If you’ve been working with the Model Context Protocol (MCP), you’ve likely encountered a frustrating bottleneck: Context Bloat.

When you connect a powerful MCP server—like the GitHub MCP—it typically loads the definitions for every single tool available. For a server with 91 tools, this can consume roughly 46,000 tokens just for the definitions. That’s a massive chunk of your context window gone before you’ve even sent a single message.

Anthropic has addressed this challenge with a powerful new feature in the Claude API called Tool Search. While this isn’t a change to the MCP protocol itself, it’s a game-changer for anyone building MCP-powered agents with Claude.
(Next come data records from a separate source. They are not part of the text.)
(* Let $n\ge1$ and $p$ a prime. The radical $\mathcal{R}(n,p)$ of the $p$-modular descent algebra $\Sigma(n,p)$ is contained in the kernel of the homomorphism $\phi:\Sigma(n,p)\to G(n,p)$.
   Context: A composition of $n$ is a sequence of positive integers with sum $n$. The descent algebra $\Sigma_n$ has basis $\{B_q\}$ indexed by compositions of $n$ with multiplication $B_qB_r=\sum_{Z\in S(q,r)}B_{c(Z)}$, where for $q=[a_1,\dots,a_s]$, $r=[b_1,\dots,b_t]$, $S(q,r)$ is the set of $s\times t$ non-negative integer matrices with row sums $a_i$ and column sums $b_j$, and $c(Z)$ is the composition obtained by reading the entries of $Z$ row by row and omitting zeros. Let $\mathcal{Z}_n$ be the subring of integral combinations of the $B_q$ and $\Sigma(n,p)=\mathcal{Z}_n/p\mathcal{Z}_n$, an $\mathbb{F}_p$-algebra with basis $\overline{B}_q$ (images of $B_q$); $\mathcal{R}(n,p)$ denotes its (Jacobson) radical. For a composition $q=[a_1,\dots,a_r]$ let $\chi_q$ be the permutation character of $S_n$ induced from the trivial character of the Young subgroup $S_{a_1}\times\cdots\times S_{a_r}$, let $G_n$ be the ring (under pointwise operations) of integral combinations of the $\chi_q$, and let $G(n,p)$ be the $\mathbb{F}_p$-algebra obtained by reducing all character values of elements of $G_n$ modulo $p$; write $\tilde\chi_q$ for the reduction of $\chi_q$. The map $\phi:\Sigma(n,p)\to G(n,p)$ is the $\mathbb{F}_p$-linear map with $\phi(\overline{B}_q)=\tilde\chi_q$ for all compositions $q$; it is a surjective homomorphism of $\mathbb{F}_p$-algebras (as a consequence of Solomon's theorem that $B_q\mapsto\chi_q$ defines a ring homomorphism $\mathcal{Z}_n\to G_n$). *)

From HB Require Import structures.
From mathcomp Require Import all_boot all_order all_algebra all_fingroup.
Set Implicit Arguments. Unset Strict Implicit. Unset Printing Implicit Defensive.
Import GRing.Theory.
Local Open Scope ring_scope.

Fixpoint seqs_len (k m : nat) : seq (seq nat) :=
  if k is k'.+1 then [seq a :: s | a <- iota 0 m.+1, s <- seqs_len k' m]
  else [:: [::]].

(* all sequences of length <= n with entries in [0, n]; every composition
   of n is among them *)
Definition allseqs (n : nat) : seq (seq nat) :=
  flatten [seq seqs_len k n | k <- iota 0 n.+1].

Definition is_comp (n : nat) (s : seq nat) : bool :=
  all (fun a => 0 < a)%N s && (sumn s == n).

Definition comps (n : nat) : seq (seq nat) := filter (is_comp n) (allseqs n).

Definition comp (n : nat) := seq_sub (comps n).

(* Z in S(q,r): non-negative integer matrices (entries are <= n automatically,
   since row sums are parts of q) with row sums a_i and column sums b_j *)
Definition inS (n : nat) (q r : seq nat)
  (Z : 'M['I_n.+1]_(size q, size r)) : bool :=
  [forall i : 'I_(size q), (\sum_(j < size r) val (Z i j))%N == nth 0%N q i] &&
  [forall j : 'I_(size r), (\sum_(i < size q) val (Z i j))%N == nth 0%N r j].

Definition cZ (n : nat) (s t : nat) (Z : 'M['I_n.+1]_(s, t)) : seq nat :=
  filter (fun a => a != 0)%N
    [seq val (Z i j) | i <- enum 'I_s, j <- enum 'I_t].

Definition struct_const (n : nat) (q r c : seq nat) : nat :=
  #|[set Z : 'M['I_n.+1]_(size q, size r) | inS Z & cZ Z == c]|.

(* elements: F_p-linear combinations of the basis vectors \bar B_q *)
Notation Sig n p := {ffun comp n -> 'F_p}.

Definition Bbar (n p : nat) (q : comp n) : Sig n p :=
  [ffun r => (r == q)%:R].

(* \bar B_q \bar B_r, reduced mod p *)
Definition Bprod (n p : nat) (q r : comp n) : Sig n p :=
  [ffun c : comp n => (struct_const n (ssval q) (ssval r) (ssval c))%:R].

Definition smul (n p : nat) (x y : Sig n p) : Sig n p :=
  [ffun c : comp n =>
     \sum_(q : comp n) \sum_(r : comp n) x q * y r * Bprod p q r c].
Lemma inv_sqrt_sq c : 0 < c -> / sqrt c * / sqrt c = / c.
Proof.
  intros Hc. rewrite <- Rinv_mult, sqrt_sqrt; lra.
Qed.

Lemma pow_le_exp (n : nat) t :
  - INR (S n) <= t -> (1 + t / INR (S n)) ^ S n <= exp t.
Proof.
  intros Ht. pose proof (lt_0_INR (S n) (Nat.lt_0_succ n)) as Hn.
  replace (exp t) with (exp (t / INR (S n)) ^ S n).
  - apply pow_incr. split.
    + apply (Rmult_le_reg_l (INR (S n))); [exact Hn |].
      replace (INR (S n) * (1 + t / INR (S n))) with (INR (S n) + t) by (field; lra). lra.
    + apply exp_ineq1_le.
  - rewrite <- (exp_ln (exp (t / INR (S n)) ^ S n)) by (apply pow_lt, exp_pos).
    rewrite ln_pow, ln_exp by apply exp_pos. f_equal. field. lra.
Qed.

Definition mass (a b : R) : R := RiemannInt (phi_integrable a b).

Definition tail (x : R) : R := 1 - Phi x.

Lemma tail_split a b : tail a = tail b + mass a b.
Proof.
  unfold tail, Phi, mass.
  rewrite <- (RiemannInt_P26 (phi_integrable 0 a) (phi_integrable a b)). ring.
Qed.

Lemma mass_split a b c : mass a c = mass a b + mass b c.
Proof. unfold mass. symmetry. apply RiemannInt_P26. Qed.

Lemma sqrt_2PI_pos : 0 < sqrt (2 * PI).
Proof. apply sqrt_lt_R0. pose proof PI_RGT_0. lra. Qed.

Lemma phi_pos t : 0 < phi t.
Proof. apply Rdiv_lt_0_compat; [apply exp_pos | exact sqrt_2PI_pos]. Qed.

Lemma phi_antitone a t : 0 <= a <= t -> phi t <= phi a.
Proof.
  intros Hat. unfold phi, Rdiv.
  apply Rmult_le_compat_r; [left; apply Rinv_0_lt_compat, sqrt_2PI_pos |].
  destruct (Req_dec a t) as [-> | Hne]; [lra |].
  left. apply exp_increasing. nra.
Qed.

Lemma phi_shift x y : phi x = exp ((y * y - x * x) / 2) * phi y.
Proof. unfold phi, Rdiv. rewrite <- Rmult_assoc, <- exp_plus. do 2 f_equal. field. Qed.

Lemma mass_bounds a b :
  0 <= a <= b -> phi b * (b - a) <= mass a b <= phi a * (b - a).
Proof.
  intros Hab. apply RiemannInt_const_bound; [lra |].
  intros t Ht. split; apply phi_antitone; lra.
Qed.

Lemma mass_pos a b : 0 <= a < b -> 0 < mass a b.
Proof.
  intros Hab. destruct (mass_bounds a b ltac:(lra)) as [Hlow _].
  pose proof (phi_pos b). nra.
Qed.

Fixpoint gauss_dominated (h : R) (i : Z) (us : list R) : Prop :=
  match us with
  | [] => True
  | u :: us => exp (- ((IZR i * h) ^ 2 / 2)) <= u /\ gauss_dominated h (Z.succ i) us
  end.

Lemma mass_le_upper_sum h i us :
  0 <= h -> (0 <= i)%Z -> gauss_dominated h i us ->
  mass (IZR i * h) (IZR (i + Z.of_nat (length us)) * h)
    <= h * fold_right Rplus 0 us / sqrt (2 * PI).
Proof.
  revert i. induction us as [| u us IH]; intros i Hh Hi Hdom; cbn [length fold_right].
  - unfold mass. rewrite Z.add_0_r, RiemannInt_P9. unfold Rdiv. lra.
  - destruct Hdom as [Hu Hdom].
    replace (i + Z.of_nat (S (length us)))%Z with (Z.succ i + Z.of_nat (length us))%Z
      by lia.
    rewrite (mass_split _ (IZR (Z.succ i) * h)).
    pose proof (IH (Z.succ i) Hh ltac:(lia) Hdom) as Hrest.
    assert (Ha : 0 <= IZR i * h) by (apply Rmult_le_pos; [apply IZR_le |]; assumption).
    rewrite succ_IZR in *.
    destruct (mass_bounds (IZR i * h) ((IZR i + 1) * h) ltac:(lra)) as [_ Hfirst].
    assert (Hphi : phi (IZR i * h) <= u / sqrt (2 * PI)).
    { unfold phi, Rdiv. apply Rmult_le_compat_r.
      - left. apply Rinv_0_lt_compat, sqrt_2PI_pos.
      - replace (- (IZR i * h * (IZR i * h)) * / 2) with (- ((IZR i * h) ^ 2 / 2))
          by field.
        exact Hu. }
    assert (Hfirst' : phi (IZR i * h) * ((IZR i + 1) * h - IZR i * h)
                      <= h * u / sqrt (2 * PI)).
    { replace ((IZR i + 1) * h - IZR i * h) with h by ring.
      replace (h * u / sqrt (2 * PI)) with (h * (u / sqrt (2 * PI))) by (unfold Rdiv; ring).
      rewrite Rmult_comm. apply Rmult_le_compat_l; assumption. }
    unfold Rdiv in *. lra.
Qed.

(** [exp (- (i/25)^2 / 2)] rounded up, for [i = 0, ..., 55]. *)
Definition gauss_table : list R :=
  [1; 0.99921; 0.99681; 0.99283; 0.98729; 0.98021; 0.97162; 0.96157; 0.95011;
   0.93729; 0.92317; 0.90781; 0.89129; 0.87367; 0.85504; 0.83549; 0.81508;
   0.79392; 0.77208; 0.74965; 0.72673; 0.70340; 0.67975; 0.65587; 0.63183;
   0.60772; 0.58361; 0.55959; 0.53572; 0.51208; 0.48872; 0.46570; 0.44309;
   0.42092; 0.39925; 0.37811; 0.35755; 0.33759; 0.31826; 0.29958; 0.28158;
   0.26425; 0.24762; 0.23169; 0.21646; 0.20193; 0.18810; 0.17496; 0.16249;
   0.15069; 0.13955; 0.12904; 0.11915; 0.10985; 0.10114; 0.09299].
Illustration of Context Bloat — The Struggle is Real: Carrying 91 tools when you only need one.

What is Tool Search?

Tool Search is a Claude API feature that allows the model to dynamically discover and load tools on-demand, rather than pre-loading everything at the start. Instead of stuffing all tool definitions into the context window upfront, Claude searches your tool catalog and loads only the 3-5 most relevant tools required for the current task.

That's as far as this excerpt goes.